Surgical techniques to prevent delayed gastric emptying after pancreaticoduodenectomy.

机构信息

Department of Hepatobiliary and Pancreatic Surgery, General Surgery Center, the First Hospital of Jilin University, Changchun 130021, China.

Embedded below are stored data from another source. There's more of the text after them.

(* Let $m_0>0$ be the constant (depending only on $\mu,\Delta_0,\lambda_0$) for which, for every $k\in\mathbb N$, finite interval $\Lambda$, $\ell\in\mathbb N$ and nonempty $S_1,\dots,S_{k+1}\subset\Lambda$ with pairwise distances $\ge2\ell+1$, one has $\mathbb E\|P^\Lambda_{I_{\le k}}\prod_{i}P_-^{S_i}\|\le C_k\max_i\Upsilon_{S_i}|\Lambda|^{2k+1}e^{-m_0\ell}$. Let $\Lambda\subset\mathbb Z$ be a finite interval, $T$ an observable supported on an interval $\mathcal X\subset\Lambda$ with $\|T\|\le1$, $k,\ell\in\mathbb N$, and assume $\operatorname{dist}(\mathcal X,\mathbb Z\setminus\Lambda)>9(k+1)\ell+1$. For $j=1,\dots,k+1$ define $$T_j=T\,P_+^{\partial_{3\ell}[\mathcal X]^\Lambda_{9j\ell}}\prod_{i=1}^{j-1}P_-^{\partial_{3\ell}[\mathcal X]^\Lambda_{9i\ell}}$$ (empty product $=I$). Then $$T_j=P_+^{\partial_{3\ell}[\mathcal X]^\Lambda_{9j\ell}}T_jP_+^{\partial_{3\ell}[\mathcal X]^\Lambda_{9j\ell}}=P_+^{\partial^{out}_{3\ell}[\mathcal X]^\Lambda_{9j\ell}}\otimes P_+^{\partial^{in}_{3\ell}[\mathcal X]^\Lambda_{9j\ell}}\otimes T\prod_{i=1}^{j-1}P_-^{\partial_{3\ell}[\mathcal X]^\Lambda_{9i\ell}},$$ $T_j$ is supported in $[\mathcal X]^\Lambda_{(9j+3)\ell}$, $T\prod_{i=1}^{j-1}P_-^{\partial_{3\ell}[\mathcal X]^\Lambda_{9i\ell}}$ is supported in $[\mathcal X]^\Lambda_{(9j-6)\ell}$, and $$\mathbb E\Big\|\Big(T-\sum_{j=1}^{k+1}T_j\Big)_{P^\Lambda_{I_{\le k}}}\Big\|\le C_k|\Lambda|^{2k+1}e^{-m_0\ell}.$$
   Context: Spin chain setup. For $i\in\mathbb Z$ let $\mathcal H_i$ be a copy of $\mathbb C^2$; $\sigma^x,\sigma^y,\sigma^z$ Pauli matrices, $\sigma^\pm=\frac12(\sigma^x\pm i\sigma^y)$, $\mathcal N=\frac12(I-\sigma^z)$, subscript $i$ = action on $\mathcal H_i$. For finite $\Lambda\subset\mathbb Z$, $\mathcal H_\Lambda=\bigotimes_{i\in\Lambda}\mathcal H_i$; operators on $\mathcal H_S$, $S\subset\Lambda$, are identified with $T\otimes I_{\mathcal H_{\Lambda\setminus S}}$, and an observable is supported in $S$ if of this form. $H^\Lambda=\sum_{\{i,i+1\}\subset\Lambda}h_{i,i+1}+\sum_{i\in\Lambda}\mathcal N_i+\lambda\sum_{i\in\Lambda}\omega_i\mathcal N_i$, $h_{i,i+1}=-\mathcal N_i\mathcal N_{i+1}-\frac1{2\Delta}(\sigma_i^+\sigma_{i+1}^-+\sigma_i^-\sigma_{i+1}^+)$, $\Delta>1$, $\lambda>0$, $\{\omega_i\}$ i.i.d. with law $\mu$ absolutely continuous with bounded density, $\{0,1\}\subset\operatorname{supp}\mu\subset[0,1]$; $\mathbb E$ = expectation. Standing: $\Delta\ge\Delta_0>9$, $\lambda\ge\lambda_0>0$; constants depend on $\mu,\Delta_0,\lambda_0,k$ only. Notation: $P_+^S=\bigotimes_{i\in S}(I-\mathcal N_i)$, $P_-^S=I-P_+^S$. $\Upsilon_S$ = number of maximal subintervals of $S$. $\operatorname{dist}_\Lambda(x,y)=|x-y|$. For $M\subset\Lambda$, $s\in\mathbb N_0$: $[M]^\Lambda_s=\{x\in\Lambda:\operatorname{dist}(x,M)\le s\}$; for $s\in\mathbb N$: $\partial^{out}_sM=[M]^\Lambda_s\setminus M$, $\partial^{in}_sM=\{x\in M:\operatorname{dist}(x,\Lambda\setminus M)\le s\}$, $\partial_sM=\partial^{in}_sM\cup\partial^{out}_sM$. $P^\Lambda_I=\chi_I(H^\Lambda)$, $(T)_Y=YTY^*$, $I_{\le k}=(-\infty,(k+\frac34)(1-\frac1\Delta)]$. *)

From HB Require Import structures.
From mathcomp Require Import all_boot all_order all_algebra.
From mathcomp Require Import spectral sesquilinear.
From mathcomp.real_closed Require Import complex.
From mathcomp Require Import all_classical all_reals all_analysis.


Unset Strict Implicit.
Unset Printing Implicit Defensive.

Import Order.TTheory GRing.Theory Num.Theory Num.Def.
Import numFieldNormedType.Exports.
Local Open Scope ring_scope.

(* Sites.  A finite interval Lambda = {a, a+1, ..., a+n-1} of Z is encoded    *)
(* by its left end a : int and its cardinality n.  Subsets of Z are boolean   *)
(* predicates int -> bool.  The Hilbert space H_Lambda = (C^2)^{(x) n} is     *)
(* C^(2^n); the basis vector with index x : 'I_(2^n) has, at site a+j        *)
(* (j < n), the C^2 basis vector e_(bit x j), where bit x j is the j-th      *)
(* binary digit of x.  e_0 = (1,0), e_1 = (0,1) (standard basis of C^2).     *)

Definition zdist (x y : int) : nat := absz (x - y).

Definition inL (a : int) (n : nat) (x : int) : bool := (a <= x) && (x < a + n%:Z).

(* [M]^Lambda_s = { x in Lambda : dist(x, M) <= s }  (M a subset of Lambda) *)
Definition nbhd (a : int) (n : nat) (M : int -> bool) (s : nat) : int -> bool :=
  fun x => inL a n x && [exists j : 'I_n, M (a + (j : nat)%:Z) && (zdist x (a + (j : nat)%:Z) <= s)%N].

Definition bd_out (a : int) (n : nat) (M : int -> bool) (s : nat) : int -> bool :=
  fun x => nbhd a n M s x && ~~ M x.

Definition bd_in (a : int) (n : nat) (M : int -> bool) (s : nat) : int -> bool :=
  fun x => M x && [exists j : 'I_n, ~~ M (a + (j : nat)%:Z) && (zdist x (a + (j : nat)%:Z) <= s)%N].

Definition bd (a : int) (n : nat) (M : int -> bool) (s : nat) : int -> bool :=
  fun x => bd_in a n M s x || bd_out a n M s x.

(* Upsilon_S : number of maximal subintervals of S (S a subset of Lambda),   *)
(* counted as the number of left end points of such intervals.              *)
Definition Upsilon (a : int) (n : nat) (S : int -> bool) : nat :=
  #|[set j : 'I_n | S (a + (j : nat)%:Z) && ~~ S (a + (j : nat)%:Z - 1)]|.

Section Ops.
Variable R : realType.
Local Notation C := (R[i]).

Definition bit {N : nat} (x : 'I_N) (j : nat) : bool := odd (x %/ 2 ^ j).

Definition b2o (b : bool) : 'I_2 := inord (nat_of_bool b).

(* the operator A on H_{a+j} (site a+j of Lambda), i.e. A (x) I *)
Definition site_op (n : nat) (j : nat) (A : 'M[C]_2) : 'M[C]_(2 ^ n) :=
  \matrix_(x, y) (A (b2o (bit x j)) (b2o (bit y j)) *
      ([forall k : 'I_n, ((k : nat) != j) ==> (bit x k == bit y k)])%:R).

Definition sigx : 'M[C]_2 := \matrix_(i, j) (if i == j then 0 else 1).
Definition sigy : 'M[C]_2 :=
  \matrix_(i, j) (if i == j then 0 else if (i : nat) == 0%N then - 'i%C else 'i%C).
Definition sigz : 'M[C]_2 :=
  \matrix_(i, j) (if i == j then (if (i : nat) == 0%N then 1 else -1) else 0).
Definition sigp : 'M[C]_2 := 2%:R^-1 *: (sigx + 'i%C *: sigy).
Definition sigm : 'M[C]_2 := 2%:R^-1 *: (sigx - 'i%C *: sigy).
Definition Nmat : 'M[C]_2 := 2%:R^-1 *: (1%:M - sigz).

Definition Pplus (a : int) (n : nat) (S : int -> bool) : 'M[C]_(2 ^ n) :=
  \prod_(j < n | S (a + (j : nat)%:Z)) site_op n j (1%:M - Nmat).
Definition Pminus (a : int) (n : nat) (S : int -> bool) : 'M[C]_(2 ^ n) :=
  1%:M - Pplus a n S.

(* T is supported in S: T = T' (x) I_{H_{Lambda \ S}} for some operator T'  *)
(* on H_S; T' is given by its matrix F on the configurations of S (maps     *)
(* from sites to bits, set to false off S).                                 *)
Definition agree_off (a : int) (n : nat) (S : int -> bool) (x y : 'I_(2 ^ n)) : bool :=
  [forall j : 'I_n, ~~ S (a + (j : nat)%:Z) ==> (bit x j == bit y j)].
Definition restr (a : int) (n : nat) (S : int -> bool) (x : 'I_(2 ^ n)) : nat -> bool :=
  fun j => ((j < n)%N && S (a + j%:Z)) && bit x j.
Definition supported (a : int) (n : nat) (S : int -> bool) (T : 'M[C]_(2 ^ n)) : Prop :=
  exists F : (nat -> bool) -> (nat -> bool) -> C,
    forall x y, T x y = F (restr a n S x) (restr a n S y) * (agree_off a n S x y)%:R.

(* Hamiltonian H^Lambda, with omega_{a+j} = om j *)
Definition hterm (n : nat) (Delta : R) (j : nat) : 'M[C]_(2 ^ n) :=
  - (site_op n j Nmat *m site_op n j.+1 Nmat)
  - (2%:R * Delta)^-1%:C%C *: (site_op n j sigp *m site_op n j.+1 sigm
                                + site_op n j sigm *m site_op n j.+1 sigp).
Definition Ham (n : nat) (Delta lambda : R) (om : nat -> R) : 'M[C]_(2 ^ n) :=
  \sum_(0 <= j < n.-1) hterm n Delta j
  + \sum_(j < n) site_op n j Nmat
  + lambda%:C%C *: \sum_(j < n) (om j)%:C%C *: site_op n j Nmat.
(* For every group $G$ and every positive integer $n$, the number of tuples $(g_1,\dots,g_n)\in G^n$ such that $\langle g_1,\dots,g_n\rangle=G$ is divisible by $|G'|$, the order of the commutator subgroup of $G$.
   Context: Groups need not be finite; divisibility is understood in the sense of cardinal arithmetic: an infinite cardinal is divisible by every nonzero cardinal not exceeding it. *)

From mathcomp Require Import all_boot.
From mathcomp Require Import monoid.

Set Implicit Arguments.
Unset Strict Implicit.
Unset Printing Implicit Defensive.

Local Open Scope group_scope.

Definition is_subgroup (G : groupType) (S : G -> Prop) : Prop :=
  S 1 /\ (forall x y, S x -> S y -> S (x * y^-1)).

Definition generated (G : groupType) (A : G -> Prop) : G -> Prop :=
  fun x => forall S : G -> Prop, is_subgroup S -> (forall a, A a -> S a) -> S x.

Definition derived_subgroup (G : groupType) : G -> Prop :=
  generated (fun c : G => exists x y : G, c = [~ x, y]).

Definition generating_tuples (G : groupType) (n : nat) : ('I_n -> G) -> Prop :=
  fun g => forall x : G, generated (fun a : G => exists i : 'I_n, a = g i) x.

(* Cardinal divisibility: |A| divides |B| iff |B| = |A| * |C| for some
   cardinal |C|, i.e. B is in bijection with A x C for some type C. *)
Definition card_dvd (X Y : Type) (A : X -> Prop) (B : Y -> Prop) : Prop :=
  exists (C : Type) (f : {x : X | A x} * C -> {y : Y | B y}), bijective f.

Department of Dental Implantology, Hospital of Stomatology, Jilin University, Changchun 130021, China.

出版信息

Hepatobiliary Pancreat Dis Int. 2024 Oct;23(5):449-457. doi: 10.1016/j.hbpd.2023.11.001. Epub 2023 Nov 7.

Abstract

BACKGROUND

Delayed gastric emptying (DGE) is one of the most common complications after pancreaticoduodenectomy (PD). DGE represents impaired gastric motility without significant mechanical obstruction and is associated with an increased length of hospital stay, increased healthcare costs, and a high readmission rate. We reviewed published studies on various technical modifications to reduce the incidence of DGE.

DATA SOURCES

Studies were identified by searching PubMed for relevant articles published up to December 2022. The following search terms were used: "pancreaticoduodenectomy", "pancreaticojejunostomy", "pancreaticogastrostomy", "gastric emptying", "gastroparesis" and "postoperative complications". The search was limited to English publications. Additional articles were identified by a manual search of references from key articles.

RESULTS

In recent years, various surgical procedures and techniques have been explored to reduce the incidence of DGE. Pyloric resection, Billroth II reconstruction, Braun's enteroenterostomy, and antecolic reconstruction may be associated with a decreased incidence of DGE, but more high-powered studies are needed in the future. Neither laparoscopic nor robotic surgery has demonstrated superiority in preventing DGE, and the use of staplers is controversial regarding whether they can reduce the incidence of DGE.

CONCLUSIONS

Despite many innovations in surgical techniques, there is no surgical procedure that is superior to others to reduce DGE. Further larger prospective randomized studies are needed.

摘要

背景

延迟性胃排空(DGE)是胰十二指肠切除术(PD)后最常见的并发症之一。DGE 代表胃动力受损而无明显机械梗阻,并与住院时间延长、医疗费用增加和高再入院率相关。我们回顾了已发表的关于各种技术改良以降低 DGE 发生率的研究。

资料来源

通过在 PubMed 上搜索截至 2022 年 12 月发表的相关文章,确定了研究。使用了以下搜索词:“胰十二指肠切除术”、“胰肠吻合术”、“胰胃吻合术”、“胃排空”、“胃轻瘫”和“术后并发症”。搜索仅限于英文出版物。通过对关键文章的参考文献进行手动搜索,还确定了其他文章。

结果

近年来,已经探索了各种手术程序和技术来降低 DGE 的发生率。幽门切除术、Billroth II 重建、Braun 肠肠吻合术和结肠前重建可能与 DGE 发生率降低相关,但未来需要更多的高影响力研究。腹腔镜或机器人手术在预防 DGE 方面均未显示出优势,吻合器的使用在是否可以降低 DGE 发生率方面存在争议。

结论

尽管在手术技术方面有许多创新,但没有一种手术程序可以优于其他手术来降低 DGE。需要进一步进行更大规模的前瞻性随机研究。